Непонимание масштаба личности и творчества Астафьева пробивается и в следующей фразе из упомянутой мною статьи: «Единодушно, единомышленно и равноправно с именитыми деревенщиками вошёл в русскую литературу Виктор Астафьев». Получается, что автор статьи великодушно снисходит до Астафьева, причисляя его к «именитым деревенщикам». А ведь по многим факторам: по силе изображения жизни и глубине осмысления её, по объёму сделанного, по широте тем, вопросов, проблем, которые он озвучил и заставил читателей осмысливать их, по высочайшему накалу писательского темперамента, по высокой степени совершенства языка и стилистики его текстов, по огромной любви и интересу к его творчеству со стороны как читателей, так и исследователей его творчества, которые не иссякают до сих пор,— он превосходит всех своих коллег-писателей второй половины ХХ века. Так что история, «баба капризная», делает свой выбор: стало быть, пришло время назвать его великим русским писателем среди современных ему «известных» и «именитых» коллег (не побоюсь произнести слово «великий», если даже обижу целую вереницу писателей, претендующих на это звание, и массу читателей, «болеющих» за этих писателей).
И наконец, последнее возражение — на обвинение Астафьева в ненависти к России и русскому народу. Но прежде чем возразить на обвинение, хочу уточнить одно часто употребляемое автором статьи понятие: «наша родная власть».
Согласно авторскому подтексту, под «родной властью» он подразумевает так называемую «советскую власть». Почему «так называемую»? Потому что начиная с Октябрьского переворота и до самого развала СССР понятие «советская власть» было чистой воды эвфемизмом, которым прикрывался жёсткий диктат большевиков-коммунистов — сам хорошо это знаю: неоднократно бывал в советское время членом избирательных комиссий по выборам в эту самую власть, сам считал бюллетени, почти половина которых были исчёркана и исписана непотребными словами, а потом председатель комиссии докладывал выше, во власть партийную, об участии в выборах 99,98% избирателей.

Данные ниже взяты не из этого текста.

Lemma all_no_cover_block s m M : m < M <= 2 * s ->
  all (fun y => ~~ comb_cover s y M) (iota m.+1 (M - m.+1)) = leader s m M.
Proof.
move=> /andP [mM M2s]; rewrite /leader /comb_cover.
apply/allP/idP => [no_cover | lead y].
  apply/negPn/negP => not_leader.
  have [Ms | sM] := leqP M s.
    by move: (no_cover M.-1); rewrite mem_iota; lia.
  by move: (no_cover (M - s)); rewrite mem_iota; lia.
by rewrite mem_iota; lia.
Qed.

Lemma avoiding_ext_block s m M t : m < M <= 2 * s ->
  avoiding_ext s m (block m M ++ t) = leader s m M && avoiding_ext s M t.
Proof.
move=> mM2s; rewrite /avoiding_ext (permPr (perm_iota_block mM2s)) perm_cat2l.
case perm_t: (perm_eq t _); last by rewrite andbF.
have t_gt : {in t, forall y, M < y}.
  by move=> y; rewrite (perm_mem perm_t) mem_iota => /andP [].
have block_lt : {in block m M & t, forall x y, x < y}.
  move=> x y; rewrite inE mem_iota => /orP [/eqP -> | /andP [_ xM]] /t_gt; first by [].
  by apply: ltn_trans; lia.
rewrite avoids231_321_cat // avoids231_321_cons_sorted ?iota_ltn_sorted //.
rewrite /respects_covers pairwise_cat.
have -> : allrel (fun x y => ~~ comb_cover s y x) (block m M) t.
  apply/allrelP => x y xb yt; apply/negP => /comb_cover_lt.
  by rewrite ltnNge ltnW ?block_lt.
rewrite [pairwise _ (block m M)]/= all_no_cover_block //.
have -> : pairwise (fun x y => ~~ comb_cover s y x) (iota m.+1 (M - m.+1)).
  move: (iota_ltn_sorted m.+1 (M - m.+1)); rewrite sorted_pairwise; last exact: ltn_trans.
  by apply: sub_pairwise => x y xy; apply/negP => /comb_cover_lt; rewrite ltnNge ltnW.
by rewrite /= andbT andbA.
Qed.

Ну да ладно, для упрощения дальнейших рассуждений воспользуемся понятием «советская власть». Что же она собой представляла?
В начале 2000-х годов в России было проведено несколько независимых научно-социологических исследований по советской и российской демографии ХХ века; результаты их имеют мало расхождений между собой, поэтому воспользуемся лишь одним из них: исследованием члена-корреспондента Петровской академии наук и искусств, президента общественного фонда «Славянский Мир» В. Н. Гетманова (Новосибирск, 2007): «Российская демография 19–21 веков».
Согласно этому исследованию, в 1917 году население России (в границах Российской империи, но без учёта Польши и Финляндии) составляло 165,7 млн чел. (кстати, в 1914–1917 гг. в России на фронтах Первой мировой войны погибло 4 млн. чел., в то время как за счёт высокой рождаемости население России выросло за эти годы на 2 млн чел.).
А в 1922 году население СССР, преемницы Российской империи,— 136,1 млн чел.; т. е. убыль населения составила около 30 млн чел.! С учётом того, что в эти годы шёл также и естественный прирост населения за счёт продолжающейся высокой рождаемости, то истинные потери населения за 1917–1922 годы составили 35–37 млн чел. Отчего такие огромные потери?
Во-первых, это результат беспримерной по масштабу братоубийственной гражданской войны в виде убитых, расстрелянных, умерших от ран и отсутствия лекарств, от голода и инфекционных болезней, а также от массовой эмиграции (до 4–5 млн чел.) в страхе перед большевиками.
Во-вторых, это уменьшение площади страны (и, естественно, населения) за счёт потери Прибалтики и Молдавии.
И в-третьих, это результат беспримерной по масштабам крестьянской войны, развернувшейся в России уже по окончании войны гражданской, когда из-за непосильных поборов, наложенных большевиками на российское крестьянство в виде зерна, мяса, шерсти, кож, а также непомерных обязательных тягот в виде заготовки дров для городов, сена для армии, крестьяне начали восставать против большевиков и собираться в повстанческие отряды. Самым массовым это движение было в наиболее плодородных и продуктивных в сельскохозяйственном отношении регионах страны: на юге России и Украины («махновщина»), в Центрально-Чернозёмном регионе с центром в Тамбовской губернии («антоновщина»), в Среднем и Нижнем Поволжье, в Оренбуржье, в Западной Сибири, на Алтае, в Прииртышье («Сибирская казачья линия» с центром в Семипалатинске). О масштабах этого движения говорят следующие цифры: в повстанческой армии Н. Махно, например, насчитывалось до 35 тыс. человек, в повстанческой армии Антонова — до 70 тыс. Но самое масштабное — и наиболее замалчиваемое! — повстанческое движение в Западной Сибири с центром в Тюменской области; в этой повстанческой армии насчитывалось до 120 тыс. чел., причём армия эта была построена по военному принципу: делилась на фронты, дивизии, полки, роты и т. д.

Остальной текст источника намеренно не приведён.